Cuenca, autour de la Iglesia El Sagrario
Mardi 26 juin. Bonne nouvelle, Léa se sent bien mieux et renaît à la vie… et à la paresse ! Je la laisse donc se reposer à l’hôtel Casa San Rafaël pour aller explorer seul la belle ville de Cuenca, classée au Patrimoine mondial de l’Unesco, et accessoirement, connue comme la ville de la fabrication du fameux chapeau Panama. Eh oui, celui-ci est bien fabriqué traditionnellement en Équateur ! Première étape de ma journée d’excursion de la ville, l’ancienne cathédrale de la ciudad, aujourd’hui appelée la iglesia El Sagrario.
Si cette église est moins connue que sa rivale, la nouvelle cathédrale du Cuenca élevée sur la place principale de la ciudad, elle n’en demeure pas moins importante, puisqu’elle fut la première cathédrale de la ville, seulement désacralisée en 1981. Pourquoi importante, parce que sa première tour, aujourd’hui disparue, fut utilisée par le cartographe Condamine pour déterminer l’arc du méridien de l’Équateur.
À l’intérieur de la iglesa El Sagrario, on est bien loin des ors des grandes églises de Quito ou du Pérou. La sobriété est de mise. Parmi les chapelles latérales, seule la chapelle G. Hernandez vaut le coup d’œil avec son imposant retable en bois sculpté.
Des concerts de musique classique ou religieuse sont souvent organisés dans cette église qui possède une excellente acoustique.
À la sortie de l’église, je suis cueilli par une pluie fine qui colle à la peau et aux vêtements.
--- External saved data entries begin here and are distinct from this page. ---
Lemma top_ge (A : M) : mle A T.
Proof. apply lm_sup_ub; exact I. Qed.

Lemma act_mono_l (a b : L) (A : M) : le a b -> mle (act a A) (act b A).
Proof.
  intros H. rewrite <- (join_of_le L a b H). unfold ml_join; rewrite lm_act_supl.
  apply lm_sup_ub; exists a; split; auto.
Qed.

Lemma act_mono_r (a : L) (A B : M) : mle A B -> mle (act a A) (act a B).
Proof.
  intros H. assert (E : B = lm_sup (fun X => X = A \/ X = B)).
  { apply lm_le_antisym; [apply lm_sup_ub; auto|].
    apply lm_sup_least; intros X [-> | ->]; auto using lm_le_refl. }
  rewrite E, lm_act_supr. apply lm_sup_ub; exists A; split; auto.
Qed.

Lemma act_comm (a b : L) (A : M) : act a (act b A) = act b (act a A).
Proof. rewrite <- !lm_actA, ml_mulC; reflexivity. Qed.

Lemma mcolon_le (N A : M) : mle (act (colon N A) A) N.
Proof.
  unfold lm_colon; rewrite lm_act_supl.
  apply lm_sup_least; intros Y [a [Ha ->]]; exact Ha.
Qed.

Lemma mcolon_spec (N A : M) (x : L) : le x (colon N A) <-> mle (act x A) N.
Proof.
  split; intros H.
  - apply lm_le_trans with (act (colon N A) A); [apply act_mono_l; exact H | apply mcolon_le].
  - apply ml_sup_ub; exact H.
Qed.

Lemma mult_module_colon :
  multiplication_module L M -> forall N : M, N = act (colon N T) T.
Proof.
  intros Hm N. destruct (Hm N) as [c Ec].
  apply lm_le_antisym; [|apply mcolon_le].
  rewrite Ec at 1. apply act_mono_l, mcolon_spec. rewrite <- Ec; apply lm_le_refl.
Qed.

Lemma principal_cancel (N : M) (x b : L) : lm_principal L M N ->
  mle (act x N) (act b N) -> le x (join b (colon O N)).
Proof.
  intros [_ Hjoin] H. rewrite (Hjoin b O). apply mcolon_spec.
  apply lm_le_trans with (act b N); [exact H | apply lm_sup_ub; left; reflexivity].
Qed.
Ce qui ne m’empêche pas de jeter un regard admiratif vers ces belles demeures coloniales dressées le long de la Calle Simon Bolivar.
Sans oublier les magnifiques arcades enserrant le Parque Calderon, la plaza mayor de Cuenca.
Contrairement à d’autres villes musées, à l’instar de la ciudad d’Antigua, au Guatemala, Cuenca est une cité très vivante où de nombreux marchés se tiennent chaque jour de la semaine, à l’image du marché aux fleurs de la plaza San Francisco.
La ville s’étend des deux côtés de la rivière Tomebamba. Si les quartiers modernes se concentrent plus facilement vers le sud, le centre colonial, au nord offre une vue d’ensemble sur les centaines de demeures coloniales magnifiquement restaurées.
Hôtel (comme ici la Casa San Rafaël où nous résidons), restos, musées… Toute l’activité touristique de la ville est concentrée sur le quartier colonial.
J’allais oublier. C’est dans un petit café, à deux pas de la plaza Santo Domingo que ce matin-là, j’assisterai au troisième match de poule de la France en Coupe du Monde, contre le Pérou. 1-0 pour les Français. Quel bonheur d’être ici !
L’avantage de cette concentration est pouvoir tout faire et tout visiter à pied. Nul besoin de taxis pour se déplacer.
Dans tout le quartier historique, les maisons coloniales, très bien restaurées, dominent largement. Classé en 1999 au patrimoine mondial de l’humanité, son centre historique est un modèle de ville Renaissance, bâtie sur un plan orthogonal et les critères imposés par Charles Quint (30 ans avant la fondation de la ville).
Cuenca est la troisième ville du pays en nombre de population. Capitale de la province d’Azuay, elle est située à 2.500 m d’altitude, au fond d’une vallée arrosée par les rios Tomebamba, Tarqui, Yanuncay et Machangara.
Partout dans la ville, on peut remarquer des travaux gigantesques… Il s’agit de la construction d’un tramway moderne, le premier de l’Équateur, qui viendra désengorger la ville et son quartier historique du flot des voitures.
Le chantier, hélas, s’éternise, et a déjà pris beaucoup de retard… Ce qui a le don d’agacer pas mal d’habitants, de restaurateurs et d’hôteliers. Mais bon, c’est l’Amérique du Sud, et il faut parfois prendre son mal en patience.
Pour découvrir la ville, il faut parfois pousser des portes et s’aventurer à l’intérieur des hostals de la place pour admirer de jolis patios à colonnes, fleuris et paisibles. Sur les marchés, l’artisanat reste florissant. En témoigne le magnifique marché aux fleurs de la Plaza San Francisco.
Plus tranquille que Quito, plus paisible aussi, le centre de Cuenca est un véritable havre de paix. C’est d’ailleurs ici que je trouverai un petit salon de thé où prendre une petite collation et un café tout en regardant quelques matches de la Coupe du monde.